While the people of the Virgin Islands will take on the burden of this funding obligation, it is important to recognize that none of the pain is shared by the retirement system itself.  GERS has an administrative overhead of $15 million per year, forecast to increase at 2 percent per year. This makes it one of the most expensive retirement systems in the entire country to administer. Comparable plans have overheads of $5 million per year. GERS should have, in my opinion, committed to become more efficient.

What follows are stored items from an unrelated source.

(* Let $m\ge 1$, let $\lambda_1,\ldots,\lambda_m\in\mathbb R$ be constants, and let $S_1,\ldots,S_m:\mathbb R^m\to\mathbb R$ be smooth functions. Let $Q_{1,0},\ldots,Q_{m,0}:\mathbb R\to\mathbb R$ be smooth initial data and let $Q_\ell:\mathbb R^+_0\times\mathbb R\to\mathbb R$, $\ell=1,\ldots,m$, be the smooth solution of $$(\partial_t+\lambda_\ell\partial_x)Q_\ell=S_\ell(Q_1,\ldots,Q_m),\qquad Q_\ell(0,x)=Q_{\ell,0}(x),\qquad \ell=1,\ldots,m.$$ Fix $\alpha\in(0,1)$. For $t\ge 0$, $x\in\mathbb R$ and $k,\ell=1,\ldots,m$ define $$\xi_{\ell k}:=x-\lambda_\ell t(1-\alpha)-\lambda_k\alpha t,\qquad Q^*_{k\ell}:=Q_{k,0}(\xi_{\ell k})+\alpha t\,S_k\big(Q_{1,0}(\xi_{\ell k}),\ldots,Q_{m,0}(\xi_{\ell k})\big),$$ and $$Q^{(1)}_\ell(t,x):=Q_{\ell,0}(x-\lambda_\ell t)+\Big(1-\frac{1}{2\alpha}\Big)t\,S_\ell\big(Q_{1,0}(x-\lambda_\ell t),\ldots,Q_{m,0}(x-\lambda_\ell t)\big)+\frac{t}{2\alpha}S_\ell\big(Q^*_{1\ell},\ldots,Q^*_{m\ell}\big).$$ Then for every fixed $x$ and every $\ell=1,\ldots,m$, $Q^{(1)}_\ell(t,x)=Q_\ell(t,x)+\mathcal O(t^3)$ as $t\to0$.
   Context: This is an approximate (''RK2'') evolution operator for a linear hyperbolic system written in characteristic variables $Q_\ell$ with constant characteristic speeds $\lambda_\ell$ and a possibly nonlinear source $S$. *)

From HB Require Import structures.
From mathcomp Require Import all_boot all_order all_algebra.
From mathcomp Require Import all_classical all_reals all_analysis.
Set Implicit Arguments. Unset Strict Implicit. Unset Printing Implicit Defensive.
Import Order.TTheory GRing.Theory Num.Theory.
Import numFieldNormedType.Exports.
Local Open Scope ring_scope.
(* Let $G$ be a Hausdorff topological group and $H$ an extremely amenable closed subgroup of $G$ of finite index. Then $H$ is a normal clopen subgroup of $G$, and $M(G)$ is isomorphic (as a $G$-flow) to the action of $G$ on $G/H$ by left multiplication.
   Context: A $G$-flow is a continuous action of $G$ on a compact Hausdorff space; $M(G)$ denotes the universal minimal $G$-flow (the minimal $G$-flow admitting a continuous $G$-equivariant map onto every minimal $G$-flow, unique up to isomorphism). A topological group $H$ is extremely amenable if every $H$-flow has a fixed point (equivalently $|M(H)|=1$). *)

From Stdlib Require Import List Classical ProofIrrelevance.
Import ListNotations.
Set Implicit Arguments.

Definition is_topology (X : Type) (op : (X -> Prop) -> Prop) : Prop :=
  op (fun _ => True) /\
  (forall U V, op U -> op V -> op (fun x => U x /\ V x)) /\
  (forall F : (X -> Prop) -> Prop, (forall U, F U -> op U) ->
     op (fun x => exists U, F U /\ U x)).

Definition is_closed (X : Type) (op : (X -> Prop) -> Prop) (C : X -> Prop) : Prop :=
  op (fun x => ~ C x).

Definition hausdorff (X : Type) (op : (X -> Prop) -> Prop) : Prop :=
  forall x y : X, x <> y -> exists U V, op U /\ op V /\ U x /\ V y /\
     (forall z, U z -> V z -> False).

Definition compact (X : Type) (op : (X -> Prop) -> Prop) : Prop :=
  forall F : (X -> Prop) -> Prop, (forall U, F U -> op U) ->
    (forall x, exists U, F U /\ U x) ->
    exists l : list (X -> Prop), (forall U, In U l -> F U) /\
      (forall x, exists U, In U l /\ U x).

Definition continuous (X Y : Type) (opX : (X -> Prop) -> Prop)
  (opY : (Y -> Prop) -> Prop) (f : X -> Y) : Prop :=
  forall U, opY U -> opX (fun x => U (f x)).

Record TopGroup := {
  tg_carrier :> Type;
  tg_open : (tg_carrier -> Prop) -> Prop;
  tg_mul : tg_carrier -> tg_carrier -> tg_carrier;
  tg_inv : tg_carrier -> tg_carrier;
  tg_one : tg_carrier;
  tg_topology : is_topology tg_open;
  tg_mulA : forall a b c, tg_mul a (tg_mul b c) = tg_mul (tg_mul a b) c;
  tg_mul1g : forall a, tg_mul tg_one a = a;
  tg_mulg1 : forall a, tg_mul a tg_one = a;
  tg_mulVg : forall a, tg_mul (tg_inv a) a = tg_one;
  tg_mulgV : forall a, tg_mul a (tg_inv a) = tg_one;
  tg_mul_cont : forall x y U, tg_open U -> U (tg_mul x y) ->
     exists V W, tg_open V /\ tg_open W /\ V x /\ W y /\
       (forall a b, V a -> W b -> U (tg_mul a b));
  tg_inv_cont : forall x U, tg_open U -> U (tg_inv x) ->
     exists V, tg_open V /\ V x /\ (forall a, V a -> U (tg_inv a))
}.

Arguments tg_open {_}.
Arguments tg_mul {_}.
Arguments tg_inv {_}.
Arguments tg_one {_}.

Definition is_subgroup (G : TopGroup) (H : G -> Prop) : Prop :=
  H tg_one /\ (forall a b, H a -> H b -> H (tg_mul a b)) /\
  (forall a, H a -> H (tg_inv a)).

Definition normal_subgroup (G : TopGroup) (H : G -> Prop) : Prop :=
  forall g h, H h -> H (tg_mul (tg_mul g h) (tg_inv g)).

Definition finite_index (G : TopGroup) (H : G -> Prop) : Prop :=
  exists l : list G, forall g, exists a, In a l /\ H (tg_mul (tg_inv a) g).

Section Sub.
Variables (G : TopGroup) (H : G -> Prop) (HH : is_subgroup G H).

Definition sub_carrier := {g : G | H g}.

Definition sub_open (V : sub_carrier -> Prop) : Prop :=
  exists U, tg_open U /\ forall x, V x <-> U (proj1_sig x).

Definition sub_mul (x y : sub_carrier) : sub_carrier :=
  exist _ (tg_mul (proj1_sig x) (proj1_sig y))
    (proj1 (proj2 HH) _ _ (proj2_sig x) (proj2_sig y)).
Definition sub_inv (x : sub_carrier) : sub_carrier :=
  exist _ (tg_inv (proj1_sig x)) (proj2 (proj2 HH) _ (proj2_sig x)).
Definition sub_one : sub_carrier := exist _ tg_one (proj1 HH).

Lemma sub_eq (x y : sub_carrier) : proj1_sig x = proj1_sig y -> x = y.
Proof.
  destruct x as [x px], y as [y py]; simpl; intros e; subst y.
  rewrite (proof_irrelevance _ px py); reflexivity.
Qed.

Lemma sub_topology : is_topology sub_open.
Proof.
  destruct (tg_topology G) as [Tfull [Tint Tuni]].
  split; [|split].
  - exists (fun _ => True); split; [exact Tfull| tauto].
  - intros V W [U1 [o1 e1]] [U2 [o2 e2]].
    exists (fun x => U1 x /\ U2 x); split; [now apply Tint|].
    intros x; rewrite e1, e2; tauto.
  - intros F hF.
    exists (fun g => exists U', (exists V, F V /\ tg_open U' /\
                 forall x, V x <-> U' (proj1_sig x)) /\ U' g).
    split.
    + apply Tuni. intros U' [V [_ [o _]]]; exact o.
    + intros x; split.
      * intros [V [FV Vx]]. destruct (hF V FV) as [U' [o e]].
        exists U'; split; [exists V; auto| now apply e].
      * intros [U' [[V [FV [o e]]] Ux]]. exists V; split; auto; now apply e.
Qed.

Definition subTopGroup : TopGroup.
Proof.
  refine {| tg_carrier := sub_carrier; tg_open := sub_open;
            tg_mul := sub_mul; tg_inv := sub_inv; tg_one := sub_one;
            tg_topology := sub_topology |}.
  - intros; apply sub_eq; simpl; apply tg_mulA.
  - intros; apply sub_eq; simpl; apply tg_mul1g.
  - intros; apply sub_eq; simpl; apply tg_mulg1.
  - intros; apply sub_eq; simpl; apply tg_mulVg.
  - intros; apply sub_eq; simpl; apply tg_mulgV.
  - intros x y V [U [o e]] Vxy. apply e in Vxy. simpl in Vxy.
    destruct (tg_mul_cont G _ _ _ o Vxy) as [V1 [W1 [o1 [o2 [h1 [h2 h]]]]]].
    exists (fun a : sub_carrier => V1 (proj1_sig a)),
           (fun a : sub_carrier => W1 (proj1_sig a)).
    split; [exists V1; split; [exact o1| tauto]|].
    split; [exists W1; split; [exact o2| tauto]|].
    split; [exact h1|]; split; [exact h2|].
    intros a b ha hb; apply e; simpl; now apply h.
  - intros x V [U [o e]] Vx. apply e in Vx. simpl in Vx.
    destruct (tg_inv_cont G _ _ o Vx) as [V1 [o1 [h1 h]]].
    exists (fun a : sub_carrier => V1 (proj1_sig a)).
    split; [exists V1; split; [exact o1| tauto]|].
    split; [exact h1|]. intros a ha; apply e; simpl; now apply h.
Defined.

End Sub.

Definition is_flow (G : TopGroup) (X : Type) (opX : (X -> Prop) -> Prop)
  (act : G -> X -> X) : Prop :=
  is_topology opX /\ compact opX /\ hausdorff opX /\
  (forall x, act tg_one x = x) /\
  (forall g h x, act (tg_mul g h) x = act g (act h x)) /\
  (forall g x U, opX U -> U (act g x) ->
     exists V W, tg_open V /\ opX W /\ V g /\ W x /\
       (forall a b, V a -> W b -> U (act a b))).

Definition minimal_flow (G : TopGroup) (X : Type) (opX : (X -> Prop) -> Prop)
  (act : G -> X -> X) : Prop :=
  is_flow G opX act /\ inhabited X /\
  (forall C : X -> Prop, is_closed opX C -> (exists x, C x) ->
     (forall g x, C x -> C (act g x)) -> forall x, C x).

Definition flow_map (G : TopGroup) (X Y : Type) (opX : (X -> Prop) -> Prop)
  (actX : G -> X -> X) (opY : (Y -> Prop) -> Prop) (actY : G -> Y -> Y)
  (f : X -> Y) : Prop :=
  continuous opX opY f /\ forall g x, f (actX g x) = actY g (f x).

Definition universal_minimal_flow (G : TopGroup) (X : Type)
  (opX : (X -> Prop) -> Prop) (actX : G -> X -> X) : Prop :=
  minimal_flow G opX actX /\
  forall (Y : Type) (opY : (Y -> Prop) -> Prop) (actY : G -> Y -> Y),
    minimal_flow G opY actY ->
    exists f : X -> Y, flow_map G opX actX opY actY f /\
      (forall y, exists x, f x = y).

Definition flow_iso (G : TopGroup) (X Y : Type) (opX : (X -> Prop) -> Prop)
  (actX : G -> X -> X) (opY : (Y -> Prop) -> Prop) (actY : G -> Y -> Y) : Prop :=
  exists (f : X -> Y) (f' : Y -> X),
    flow_map G opX actX opY actY f /\ continuous opY opX f' /\
    (forall x, f' (f x) = x) /\ (forall y, f (f' y) = y).

Definition extremely_amenable (G : TopGroup) : Prop :=
  forall (X : Type) (opX : (X -> Prop) -> Prop) (act : G -> X -> X),
    is_flow G opX act -> inhabited X -> exists x, forall g, act g x = x.

Section Cosets.
Variables (G : TopGroup) (H : G -> Prop).

(* a left coset aH, represented as a subset of G *)
Definition coset_space :=
  {S : G -> Prop | exists a : G, forall y, S y <-> H (tg_mul (tg_inv a) y)}.

Definition coset_of (g : G) : coset_space :=
  exist _ (fun y => H (tg_mul (tg_inv g) y)) (ex_intro _ g (fun y => iff_refl _)).

Definition coset_open (U : coset_space -> Prop) : Prop :=
  tg_open (fun g => U (coset_of g)).

Lemma inv_mul (a b : G) : tg_inv (tg_mul a b) = tg_mul (tg_inv b) (tg_inv a).
Proof.
  assert (E : tg_mul (tg_mul a b) (tg_mul (tg_inv b) (tg_inv a)) = tg_one).
  { rewrite tg_mulA, <- (tg_mulA _ a b), tg_mulgV, tg_mulg1, tg_mulgV. reflexivity. }
  rewrite <- (tg_mul1g G (tg_mul (tg_inv b) (tg_inv a))).
  rewrite <- (tg_mulVg G (tg_mul a b)), <- tg_mulA, E, tg_mulg1. reflexivity.
Qed.

Definition coset_act (g : G) (S : coset_space) : coset_space.
Proof.
  refine (exist _ (fun y => proj1_sig S (tg_mul (tg_inv g) y)) _).
  destruct (proj2_sig S) as [a Ha].
  exists (tg_mul g a). intros y. rewrite Ha, inv_mul, tg_mulA. reflexivity.
Defined.

End Cosets.

From Stdlib Require Import List Classical ClassicalEpsilon FunctionalExtensionality PropExtensionality ProofIrrelevance.
Import ListNotations.
Set Implicit Arguments.

(* A closed subgroup H of finite index is open: its complement is the finite
   union of the closed cosets aH with a outside H.  Hence the quotient topology
   on G/H is discrete, and G/H is a finite set.  The whole argument then lives
   in the world of discrete finite flows: a finite discrete G-space is a G-flow
   as soon as the action is locally constant in the group variable, and every
   invariant subset of such a flow is again one.
   1. G/H is a minimal G-flow (the action is transitive).
   2. H is normal: the H-orbit of a coset bH is a finite H-flow, so by extreme
      amenability it has a fixed point hbH, which forces b^-1 H b to lie in H.
   3. G/H is universal: a fixed point y0 of H in a minimal G-flow Y gives the
      equivariant map gH |-> g.y0, whose image is finite, hence closed and so
      all of Y.
   4. Any universal minimal flow M is isomorphic to G/H: composing the maps
      M -> G/H -> M given by universality with the roles exchanged yields an
      endomorphism gH |-> gtH of G/H, which is bijective because H is normal. *)

Lemma op_ext (X : Type) (op : (X -> Prop) -> Prop) (U V : X -> Prop) :
  op U -> (forall x, U x <-> V x) -> op V.
Proof.
  intros o e. replace V with U; auto.
  apply functional_extensionality; intros x; apply propositional_extensionality; auto.
Qed.

Lemma sig_eq (A : Type) (P : A -> Prop) (x y : sig P) :
  proj1_sig x = proj1_sig y -> x = y.
Proof.
  destruct x as [x px], y as [y py]; simpl; intros e; subst y.
  rewrite (proof_irrelevance _ px py); reflexivity.
Qed.

Section GroupLaws.
Variable G : TopGroup.
Implicit Types a b : G.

The plan adopted by the Legislature has no risk sharing in it. While GERS can be comfortable knowing it will be paid a fixed sum of $158 million per year, the money to fund that obligation comes from a variable source – the rum matching funds. What happens if rum production decreases? What happens if the U.S. government reduces the $13.25 per gallon? What happens if a hurricane or fire destroys the Diageo or Cruzan factories? There is no shared risk in this plan. The V.I. government is obligated regardless of the amount of rum matching funds actually available.

This could have been an opportunity to implement reforms in GERS – to curtail or eliminate double pensions, to move from a defined benefit to a defined contribution scheme, to impose efficiencies on management. But none of those ideas would have found political favor and hence none of those sensible things were done.

So we have a lot of Good, some Bad, and now the UGLY. The ugly truth of this bill is hidden in the arcane language of the debt refinancing provision, the portion of the bill originally sponsored by Gov. Bryan in 2020. In order to enhance cash flow during the early years of the plan, when the finances of GERS are at their most critical level, the plan proposes to “remortgage” about $700 million in bonds that would have been fully paid off over the next 10 years.

The approved plan will push that debt out 10 or 20 years, placing our debts on the shoulders of our children. The plan, without being explicit about it, increases the debt by borrowing more money to pay for the interest expense for the first three years. Paying interest on interest doesn’t sound too sensible, does it? Overall, this portion of the plan, which has yet to be sold to the market, will only produce about 2 percent of the total cash flow needed to finance GERS (around $70 million in savings out of $3 billion in funding).  However, for this fairly meagre sum, we are imposing long-term – 20 to 30 year – debt on the people of the Virgin Islands. In my opinion this was not only unnecessary, but it is a very, very poor fiscal decision. When you have to resort to refinancing to pay your current debts it is almost always a clear red flag.

So there you have it, the Good (and it is very good), the Bad, and the Ugly. I congratulate all of those in the 34th Legislature who voted their conscience and supported this bill. They deserve credit, and whether this turns out to be a day to celebrate for years to come, or something less celebratory, remains to be seen but for now they should proudly wear their campaign buttons proclaiming “I SAVED GERS”.